- Records for this task -
- - - - - - -

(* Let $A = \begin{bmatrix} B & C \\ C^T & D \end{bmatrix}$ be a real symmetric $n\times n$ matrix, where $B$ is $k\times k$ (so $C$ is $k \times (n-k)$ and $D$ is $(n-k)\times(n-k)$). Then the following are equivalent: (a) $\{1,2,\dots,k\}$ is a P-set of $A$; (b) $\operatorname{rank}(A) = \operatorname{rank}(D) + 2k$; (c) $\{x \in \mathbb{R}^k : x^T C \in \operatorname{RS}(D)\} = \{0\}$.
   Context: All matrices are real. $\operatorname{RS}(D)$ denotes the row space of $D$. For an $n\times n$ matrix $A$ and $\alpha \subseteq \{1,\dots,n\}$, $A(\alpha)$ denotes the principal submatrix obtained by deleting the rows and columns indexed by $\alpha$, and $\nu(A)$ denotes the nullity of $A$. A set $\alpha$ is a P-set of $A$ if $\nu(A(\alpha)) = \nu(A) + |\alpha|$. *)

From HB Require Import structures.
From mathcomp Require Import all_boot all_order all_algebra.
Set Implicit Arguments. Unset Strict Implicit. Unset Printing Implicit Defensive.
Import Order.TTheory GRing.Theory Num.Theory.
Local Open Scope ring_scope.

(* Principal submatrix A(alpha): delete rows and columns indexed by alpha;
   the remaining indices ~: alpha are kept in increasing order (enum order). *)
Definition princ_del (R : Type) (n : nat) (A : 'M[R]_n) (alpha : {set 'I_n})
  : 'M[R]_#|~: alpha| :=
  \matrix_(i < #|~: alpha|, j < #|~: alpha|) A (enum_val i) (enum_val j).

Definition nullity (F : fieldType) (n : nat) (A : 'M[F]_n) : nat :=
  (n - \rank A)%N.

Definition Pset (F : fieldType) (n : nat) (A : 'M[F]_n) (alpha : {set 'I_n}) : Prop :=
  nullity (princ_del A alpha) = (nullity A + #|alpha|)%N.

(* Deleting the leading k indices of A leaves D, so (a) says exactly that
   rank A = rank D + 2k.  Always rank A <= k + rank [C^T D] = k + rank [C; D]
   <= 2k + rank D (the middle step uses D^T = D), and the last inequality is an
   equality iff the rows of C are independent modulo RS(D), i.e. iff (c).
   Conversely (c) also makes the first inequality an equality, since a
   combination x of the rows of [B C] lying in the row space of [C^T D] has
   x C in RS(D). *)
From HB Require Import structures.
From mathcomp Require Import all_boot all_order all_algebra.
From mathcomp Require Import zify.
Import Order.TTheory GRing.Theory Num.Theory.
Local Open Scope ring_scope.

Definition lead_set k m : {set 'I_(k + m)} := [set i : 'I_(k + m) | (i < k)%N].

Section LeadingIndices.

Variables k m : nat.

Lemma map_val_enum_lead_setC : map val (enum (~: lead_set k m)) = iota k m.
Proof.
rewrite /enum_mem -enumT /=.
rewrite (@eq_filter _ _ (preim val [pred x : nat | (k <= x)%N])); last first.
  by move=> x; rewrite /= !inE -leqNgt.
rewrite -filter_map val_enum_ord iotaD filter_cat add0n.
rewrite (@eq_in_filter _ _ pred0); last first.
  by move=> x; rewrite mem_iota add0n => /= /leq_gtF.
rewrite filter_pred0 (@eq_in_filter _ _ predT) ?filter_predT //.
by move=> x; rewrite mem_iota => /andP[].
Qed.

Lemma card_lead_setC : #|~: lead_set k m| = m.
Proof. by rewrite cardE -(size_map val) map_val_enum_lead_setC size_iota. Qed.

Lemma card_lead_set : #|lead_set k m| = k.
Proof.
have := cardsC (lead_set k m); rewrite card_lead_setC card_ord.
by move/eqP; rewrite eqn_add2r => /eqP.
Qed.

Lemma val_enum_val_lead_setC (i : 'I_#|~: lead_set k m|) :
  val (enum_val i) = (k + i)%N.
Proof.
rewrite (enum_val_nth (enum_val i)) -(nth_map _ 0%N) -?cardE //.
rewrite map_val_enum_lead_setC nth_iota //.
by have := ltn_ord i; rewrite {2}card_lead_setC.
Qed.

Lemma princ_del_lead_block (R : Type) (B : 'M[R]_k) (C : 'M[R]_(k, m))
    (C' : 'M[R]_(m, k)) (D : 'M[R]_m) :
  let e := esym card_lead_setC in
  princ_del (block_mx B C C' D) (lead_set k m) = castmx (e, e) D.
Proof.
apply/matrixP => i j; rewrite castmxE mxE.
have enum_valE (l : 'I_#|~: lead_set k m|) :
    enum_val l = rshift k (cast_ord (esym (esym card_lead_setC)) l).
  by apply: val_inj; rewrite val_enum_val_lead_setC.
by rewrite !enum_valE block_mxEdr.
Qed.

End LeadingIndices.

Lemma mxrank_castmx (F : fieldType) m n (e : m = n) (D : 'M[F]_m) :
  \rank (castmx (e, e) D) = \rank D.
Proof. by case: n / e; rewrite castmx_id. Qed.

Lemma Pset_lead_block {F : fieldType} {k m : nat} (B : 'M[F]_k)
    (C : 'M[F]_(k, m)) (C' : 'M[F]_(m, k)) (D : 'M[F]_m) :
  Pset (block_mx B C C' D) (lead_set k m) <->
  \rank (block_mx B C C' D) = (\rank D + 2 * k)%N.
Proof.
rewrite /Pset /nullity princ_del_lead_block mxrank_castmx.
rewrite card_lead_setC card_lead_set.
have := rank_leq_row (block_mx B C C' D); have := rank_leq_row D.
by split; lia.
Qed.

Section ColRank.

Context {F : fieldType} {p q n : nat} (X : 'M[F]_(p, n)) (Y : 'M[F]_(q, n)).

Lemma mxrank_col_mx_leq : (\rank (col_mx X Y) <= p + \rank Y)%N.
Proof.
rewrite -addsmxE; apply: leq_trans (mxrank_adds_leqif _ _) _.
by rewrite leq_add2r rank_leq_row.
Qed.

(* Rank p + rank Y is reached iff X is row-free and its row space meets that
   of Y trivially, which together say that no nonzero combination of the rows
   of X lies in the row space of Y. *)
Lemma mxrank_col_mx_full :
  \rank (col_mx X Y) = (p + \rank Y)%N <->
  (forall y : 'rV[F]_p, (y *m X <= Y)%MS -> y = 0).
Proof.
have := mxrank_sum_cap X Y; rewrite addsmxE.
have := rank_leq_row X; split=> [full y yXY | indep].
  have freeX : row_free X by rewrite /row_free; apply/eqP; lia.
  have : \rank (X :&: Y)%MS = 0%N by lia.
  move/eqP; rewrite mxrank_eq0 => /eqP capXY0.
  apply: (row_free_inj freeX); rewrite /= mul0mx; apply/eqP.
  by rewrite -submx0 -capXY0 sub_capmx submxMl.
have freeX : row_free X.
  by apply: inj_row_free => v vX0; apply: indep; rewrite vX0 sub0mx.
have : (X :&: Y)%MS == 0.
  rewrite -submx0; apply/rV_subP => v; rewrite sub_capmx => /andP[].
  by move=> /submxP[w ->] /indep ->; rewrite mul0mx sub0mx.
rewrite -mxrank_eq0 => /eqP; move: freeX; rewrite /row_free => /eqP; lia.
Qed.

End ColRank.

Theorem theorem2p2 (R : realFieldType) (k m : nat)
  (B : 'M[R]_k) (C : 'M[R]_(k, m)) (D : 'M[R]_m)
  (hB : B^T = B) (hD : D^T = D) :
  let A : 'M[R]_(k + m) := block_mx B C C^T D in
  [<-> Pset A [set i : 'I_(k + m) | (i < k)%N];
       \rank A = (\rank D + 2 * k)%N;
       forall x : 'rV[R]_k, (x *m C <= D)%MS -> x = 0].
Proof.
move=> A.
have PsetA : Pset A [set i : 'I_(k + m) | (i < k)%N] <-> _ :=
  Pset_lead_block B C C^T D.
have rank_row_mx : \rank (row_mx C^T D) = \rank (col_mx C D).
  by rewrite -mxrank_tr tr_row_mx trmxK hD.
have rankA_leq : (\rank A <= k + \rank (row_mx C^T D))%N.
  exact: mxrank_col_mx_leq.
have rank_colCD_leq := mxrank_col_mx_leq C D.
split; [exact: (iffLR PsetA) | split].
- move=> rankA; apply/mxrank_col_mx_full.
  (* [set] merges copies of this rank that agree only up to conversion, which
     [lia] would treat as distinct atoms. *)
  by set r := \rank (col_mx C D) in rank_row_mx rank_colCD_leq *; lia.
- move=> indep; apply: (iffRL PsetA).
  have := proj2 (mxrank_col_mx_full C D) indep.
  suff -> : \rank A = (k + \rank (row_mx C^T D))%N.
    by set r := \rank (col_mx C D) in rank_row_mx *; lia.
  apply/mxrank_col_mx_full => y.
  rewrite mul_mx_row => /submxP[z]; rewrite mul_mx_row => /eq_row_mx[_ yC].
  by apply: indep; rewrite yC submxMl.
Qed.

- - - - - - -

- To do -
Go to the line with "Lemma princ_del_lead_block (R" in the entries above and repeat every line from there through the line with "End LeadingIndices.", exactly and with no other text.

- Task response -
Lemma princ_del_lead_block (R : Type) (B : 'M[R]_k) (C : 'M[R]_(k, m))
    (C' : 'M[R]_(m, k)) (D : 'M[R]_m) :
  let e := esym card_lead_setC in
  princ_del (block_mx B C C' D) (lead_set k m) = castmx (e, e) D.
Proof.
apply/matrixP => i j; rewrite castmxE mxE.
have enum_valE (l : 'I_#|~: lead_set k m|) :
    enum_val l = rshift k (cast_ord (esym (esym card_lead_setC)) l).
  by apply: val_inj; rewrite val_enum_val_lead_setC.
by rewrite !enum_valE block_mxEdr.
Qed.

End LeadingIndices.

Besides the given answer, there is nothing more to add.